Text detection and recognition in a natural environment is a key component of many applications, ranging from business card digitization to shop indexation in a street. This new competition aims at assessing the ability of state of the art methods to detect text where the user is facing various scripts and languages in a way which prevent using much a priori knowledge, as in modern cities where multiple cultures live and communicate together. This situation is also frequent when analyzing streams of contents gathered on the Internet. This competition therefore is an extension of the existing Robust Reading Competition (RRC) which has been held since 2003 both in ICDAR and in an online context.

Registration

To register in this MLT-challenge of the RRC competition 2017, please register to the RRC portal as a user (if you are not already a registered user), this will allow you to access the "downloads".

This does not oblige you to participate or submit results, it is an expression of interest.

You can participate in one or more tasks of the challenge. It is not obligatory to participate in all the tasks.

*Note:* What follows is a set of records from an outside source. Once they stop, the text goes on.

(* Let $G$ be a connected graph and let $x\in V(G)$ be a vertex with $d(x)=\Delta(G)\le |G|-2$. If $V(G)\setminus N[x]$ is an independent set in $G$, then $G$ admits an antimagic orientation.
   Context: All graphs are finite and simple; $|G|$ is the number of vertices, $\Delta(G)$ the maximum degree, $N(v)$ the set of neighbours of $v$, and $N[v]=N(v)\cup\{v\}$. For a digraph $D$ and an injective map $\tau$ from the arc set $A(D)$ to positive integers, $s_{(D,\tau)}(u)$ is the sum of labels of arcs entering $u$ minus the sum of labels of arcs leaving $u$ ($0$ if $u$ is isolated). If $D$ has $m$ arcs, a bijection $\tau:A(D)\to\{1,\dots,m\}$ is an antimagic labeling if the values $s_{(D,\tau)}(u)$ are pairwise distinct over all vertices. $G$ admits an antimagic orientation if some orientation $D$ of $G$ has an antimagic labeling. *)

From mathcomp Require Import all_boot all_order all_algebra.
Set Implicit Arguments. Unset Strict Implicit. Unset Printing Implicit Defensive.
Import GRing.Theory Num.Theory.

Definition simple_graph (T : finType) (e : rel T) : Prop :=
  symmetric e /\ irreflexive e.

Definition nbhd (T : finType) (e : rel T) (v : T) : {set T} := [set u | e v u].
Definition deg (T : finType) (e : rel T) (v : T) : nat := #|nbhd e v|.
Definition cnbhd (T : finType) (e : rel T) (v : T) : {set T} := v |: nbhd e v.
Definition maxdeg (T : finType) (e : rel T) : nat := \max_(v : T) deg e v.

Definition connected_graph (T : finType) (e : rel T) : Prop :=
  forall u v : T, connect e u v.

Definition independent (T : finType) (e : rel T) (A : {set T}) : Prop :=
  forall u v, u \in A -> v \in A -> ~~ e u v.
Let r_diag : forall i, r i i = 0 := proj1 (proj1 r_universal).
Let r_sym : forall i j, r i j = r j i := proj1 (proj2 (proj2 (proj1 r_universal))).
Let r_triangle : forall i j k, r i j <= r i k + r k j :=
  proj2 (proj2 (proj2 (proj1 r_universal))).

(* The witness vector is the McShane extension
   [a_i = e + min_(j <= k) (d_j + r_(i, x_j))] of the prescribed distances [d]. *)
Lemma universal_extend (k : nat) (x : nat -> nat) (d : nat -> R) (e : R) :
  0 < e ->
  (forall u v, (u <= k)%nat -> (v <= k)%nat -> r (x u) (x v) <= d u + d v + e) ->
  (forall u v, (u <= k)%nat -> (v <= k)%nat -> d u <= d v + r (x u) (x v) + e) ->
  exists m, forall u, (u <= k)%nat -> Rabs (r (x u) m - d u) < 2 * e.
Proof.
  intros He Hsum Hlip.
  set (g i j := d j + r i (x j)).
  set (a i := min_upto (g i) k + e).
  destruct (nat_bound_upto x (S k)) as [N HN].
  assert (Ha : in_A N r a).
  { intros i j _ _.
    destruct (min_upto_attained (g i) k) as [u [Hu Eu]].
    destruct (min_upto_attained (g j) k) as [v [Hv Ev]].
    pose proof (min_upto_le (g i) k v Hv).
    pose proof (min_upto_le (g j) k u Hu).
    unfold a, g in *; split.
    - pose proof (r_triangle i (x v) j); pose proof (r_triangle j (x u) i).
      rewrite (r_sym j i) in *; apply Rabs_le; lra.
    - pose proof (Hsum u v Hu Hv).
      pose proof (r_triangle i j (x u)); pose proof (r_triangle (x u) j (x v)).
      rewrite (r_sym (x v) j) in *; lra. }
  destruct (proj2 (proj2 r_universal) N a Ha e He) as [m Hm].
  exists m; intros u Hu.
  pose proof (Rabs_def2 _ _ (Hm (x u) (HN u ltac:(lia)))) as Hmu.
  destruct (min_upto_attained (g (x u)) k) as [v [Hv Ev]].
  pose proof (min_upto_le (g (x u)) k u Hu).
  pose proof (Hlip u v Hu Hv).
  unfold a, g in *; rewrite r_diag in *; apply Rabs_def1; lra.
Qed.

Motivation and relevance to ICDAR community

In this proposed competition we try to answer the question whether text detection methods (whether deep learning-based or otherwise) could handle different scripts without fundamental changes in the used algorithms/techniques, or do we really need script-specific methods ?. The ultimate goal of robust reading is be able to read the text which appears in any captured image despite image source (type), image quality, text script or any other difficulties. Many research works have been devoted to solve this problem. The previous editions of RRC competitions and other works, have provided useful datasets to help researchers tackle each of those problems in order to robustly read text in natural scene images. In this competition, we extend state-of-the-art work further by tackling the problem of multi- lingual text detection and script identification. In other words, methods should be script-robust text detection methods.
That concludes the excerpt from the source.